Лунная радуга. Чердак Вселенной. Акванавты - Павлов Сергей Иванович - Страница 48
- Предыдущая
- 48/197
- Следующая
Благодаря общительности связиста он без малейших со своей стороны усилий узнал за время полета историю Плоскогорья. Во всех ее мрачных деталях. Историю героизма, наивности, суровой необходимости и довольно нелепых в конечном итоге смертей. Ничего принципиально нового. Десятки подобных историй лежали в основе его каждодневной работы… А Плоскогорье само по себе мало его волновало. Ему захотелось выбраться из Аркада, и он это сделал. Куда — не имело значения. Он об этом не думал. Он просто летел, и свист моторов десантного катера доставлял ему удовольствие. Хоть два Плоскогорья. Какая разница… Хоть тысяча Плоскогорий, Нагорий, Предгорий. Внеземелье многообразно и многолико. И каждый лик Внеземелья в принципе заслуживает лишь одного: безграничного недоверия. Вот и все. Остальное — нюансы. Восторги, трепет, благоговение, страх со временем выпадают в осадок.
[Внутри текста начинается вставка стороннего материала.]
(* Let $I_1,I_3>0$ and $\gamma,\delta\in\mathbb{R}$. Consider the time-dependent Hamiltonian (harmonic Lagrange top with time-dependent potential) on the phase space with coordinates Euler angles $(\phi,\theta,\psi)$, $\theta\in(0,\pi)$, and conjugate momenta $(p_\phi,p_\theta,p_\psi)$: \[ H=\frac{1}{2I_1}\Big(p_\theta^2+\frac{p_\phi^2+p_\psi^2-2p_\phi p_\psi\cos\theta}{\sin^2\theta}\Big)+\frac12\Big(\frac1{I_3}-\frac1{I_1}\Big)p_\psi^2+U(\cos\theta,t), \] \[ U(z,t)=-\frac{1}{I_1}\Big(\tfrac12\gamma e^{t/I_1}z+\tfrac14\delta e^{2t/I_1}z^2\Big). \] Along any solution of Hamilton's equations, $p_\phi$ and $p_\psi$ are constant, and the function $y(\tau):=\theta(I_1\tau)$ (i.e.\ $\tau=t/I_1$) satisfies exactly the trigonometric form of $P_V$, \[ \frac{d^2y}{d\tau^2}=-\frac{\partial V}{\partial y},\qquad V(y,\tau)=-\frac{\kappa_\infty^2}{2\sin^2(y/2)}-\frac{\kappa_0^2}{2\cos^2(y/2)}-\frac{\gamma e^{\tau}}{2}\cos y-\frac{\delta e^{2\tau}}{4}\cos^2 y, \] with parameters $\kappa_0^2=-\tfrac14(p_\phi+p_\psi)^2$ and $\kappa_\infty^2=-\tfrac14(p_\phi-p_\psi)^2$. Conversely, the equation of motion of $\theta$ for this Hamiltonian (with fixed values of $p_\phi,p_\psi$) is equivalent to this trigonometric $P_V$ equation.
   Context: Hamilton's equations are $\dot q=\partial H/\partial p$, $\dot p=-\partial H/\partial q$ for each conjugate pair $(q,p)\in\{(\phi,p_\phi),(\theta,p_\theta),(\psi,p_\psi)\}$, with $\dot{}=d/dt$. Through $w=-\cot^2(y/2)$, $\zeta=e^\tau$, the trigonometric form of $P_V$ is equivalent to the fifth Painlevé equation with $\alpha=\kappa_\infty^2/2$, $\beta=-\kappa_0^2/2$. *)

From Stdlib Require Import Reals.
From Coquelicot Require Import Coquelicot.
Open Scope R_scope.

Definition U (I1 gamma delta z t : R) : R :=
  - (/ I1) * (/ 2 * gamma * exp (t / I1) * z + / 4 * delta * exp (2 * t / I1) * z ^ 2).

Definition Ham (I1 I3 gamma delta : R)
  (phi theta psi pphi ptheta ppsi t : R) : R :=
  / (2 * I1) * (ptheta ^ 2 +
     (pphi ^ 2 + ppsi ^ 2 - 2 * pphi * ppsi * cos theta) / (sin theta) ^ 2)
  + / 2 * (/ I3 - / I1) * ppsi ^ 2 + U I1 gamma delta (cos theta) t.

Definition VPV (k0sq kinfsq gamma delta y tau : R) : R :=
  - kinfsq / (2 * (sin (y / 2)) ^ 2) - k0sq / (2 * (cos (y / 2)) ^ 2)
  - gamma * exp tau / 2 * cos y - delta * exp (2 * tau) / 4 * (cos y) ^ 2.

Definition in_open_int (a b : Rbar) (t : R) : Prop := Rbar_lt a t /\ Rbar_lt t b.

(* Partial derivatives of H are taken with Derive in the
   corresponding argument, all other arguments frozen at their current values. *)
Definition HamiltonSol (I1 I3 gamma delta : R) (a b : Rbar)
  (phi theta psi pphi ptheta ppsi : R -> R) : Prop :=
  forall t, in_open_int a b t ->
    0 < theta t < PI /\
    let H := Ham I1 I3 gamma delta in
    is_derive phi t
      (Derive (fun x => H (phi t) (theta t) (psi t) x (ptheta t) (ppsi t) t) (pphi t)) /\
    is_derive theta t
      (Derive (fun x => H (phi t) (theta t) (psi t) (pphi t) x (ppsi t) t) (ptheta t)) /\
    is_derive psi t
      (Derive (fun x => H (phi t) (theta t) (psi t) (pphi t) (ptheta t) x t) (ppsi t)) /\
    is_derive pphi t
      (- Derive (fun x => H x (theta t) (psi t) (pphi t) (ptheta t) (ppsi t) t) (phi t)) /\
    is_derive ptheta t
      (- Derive (fun x => H (phi t) x (psi t) (pphi t) (ptheta t) (ppsi t) t) (theta t)) /\
    is_derive ppsi t
      (- Derive (fun x => H (phi t) (theta t) x (pphi t) (ptheta t) (ppsi t) t) (psi t)).

(* The equations of motion of the (theta, p_theta) pair alone, with p_phi, p_psi
   frozen at constant values cphi, cpsi (phi, psi arbitrary: H does not depend on them). *)
Definition ThetaEqMotion (I1 I3 gamma delta : R) (a b : Rbar) (cphi cpsi : R)
  (phi psi theta ptheta : R -> R) : Prop :=
  forall t, in_open_int a b t ->
    let H := Ham I1 I3 gamma delta in
    is_derive theta t
      (Derive (fun x => H (phi t) (theta t) (psi t) cphi x cpsi t) (ptheta t)) /\
    is_derive ptheta t
      (- Derive (fun x => H (phi t) x (psi t) cphi (ptheta t) cpsi t) (theta t)).

Definition TrigPV (k0sq kinfsq gamma delta I1 : R) (a b : Rbar) (y : R -> R) : Prop :=
  forall tau, in_open_int a b (I1 * tau) ->
    ex_derive y tau /\
    is_derive_n y 2 tau
      (- Derive (fun u => VPV k0sq kinfsq gamma delta u tau) (y tau)).

From Stdlib Require Import Reals Lra Classical_Prop.
From Coquelicot Require Import Coquelicot.
Open Scope R_scope.

(* Proof outline.
   1. Real-analysis preliminaries: the open interval (a,b) is an open convex set,
      so a function with zero derivative on it is constant (mean value theorem);
      and the chain rule for a linear change of variable  tau |-> c * tau.
   2. Properties of the Hamiltonian: phi and psi are cyclic, dH/dp_theta = p_theta/I1,
      and the energy identity  I1 * H(theta, t = I1 tau) = V(theta, tau) + const,
      obtained from the half-angle formulas sin^2 theta = 4 sin^2(theta/2) cos^2(theta/2),
      cos theta = 1 - 2 sin^2(theta/2).  Differentiating it in theta gives
      I1 * dH/dtheta = dV/dy.
   3. With p_phi, p_psi frozen, the theta equations of motion
      theta' = p_theta / I1,  p_theta' = - dH/dtheta  hold iff y(tau) = theta(I1 tau)
      satisfies y'' = - dV/dy (the momentum being p_theta = I1 theta' = y'). *)

Lemma in_open_int_locally (a b : Rbar) (t : R) :
  in_open_int a b t -> locally t (in_open_int a b).
Proof.
  intros [Ha Hb]. apply filter_and.
  - exact (open_Rbar_gt' t a Ha).
  - exact (open_Rbar_lt' t b Hb).
Qed.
Люди его профессии достаточно быстро трезвеют в объятиях Внеземелья…
Пять лет миновало с тех пор. Отставка. Земля. Изуродованный организм и ненужные воспоминания. Теперь Внеземелье он видит разве что в небе Копсфорта, но первый свой день на Меркурии помнит до мельчайших подробностей. Он мог бы с точностью до минуты восстановить и мысленно снова прожить тот день, если бы это зачем–то потребовалось. Но как раз этого он не хотел. Он с этим боролся, отчаянно и безуспешно, с того самого дня, как вернулся домой. Ноги коснулись земли, а голова еще там… и ржавчина мучительных воспоминаний разъедает нервы и мозг. Не говоря уже об ощущениях собственного уродства. Он очень устал от всего этого… Он не хотел вспоминать ни тот первый свой день на Меркурии, ни какие–либо другие дни, связанные с Внеземельем. Он постоянно старался сосредоточиться на чем–нибудь постороннем, но старания были безрезультатными, как если бы он пожелал запретить себе думать или дышать. Куски Внеземелья застряли где–то у него внутри, в прямом и переносном смысле этого выражения, и огромная толпа, казалось бы, полуугасших, полустертых образов удаленных во времени звуков, людей и событий вдруг оживала, накрывая его с головой, как приливная волна…
Он лежал на спине, зажмурив глаза (чтобы не видеть ночного неба над Копсфортом), и внезапно почувствовал, что начинает проваливаться в какую–то вязкую белую мглу. Он сделал рывок, словно хотел ухватиться за то, на чем он лежал, но… видимо, это была только мысль о рывке. Мышцы свело напряжением, белая мгла сомкнулась над головой. Он понял, что момент упущен, и теперь ему обеспечено несколько странных минут…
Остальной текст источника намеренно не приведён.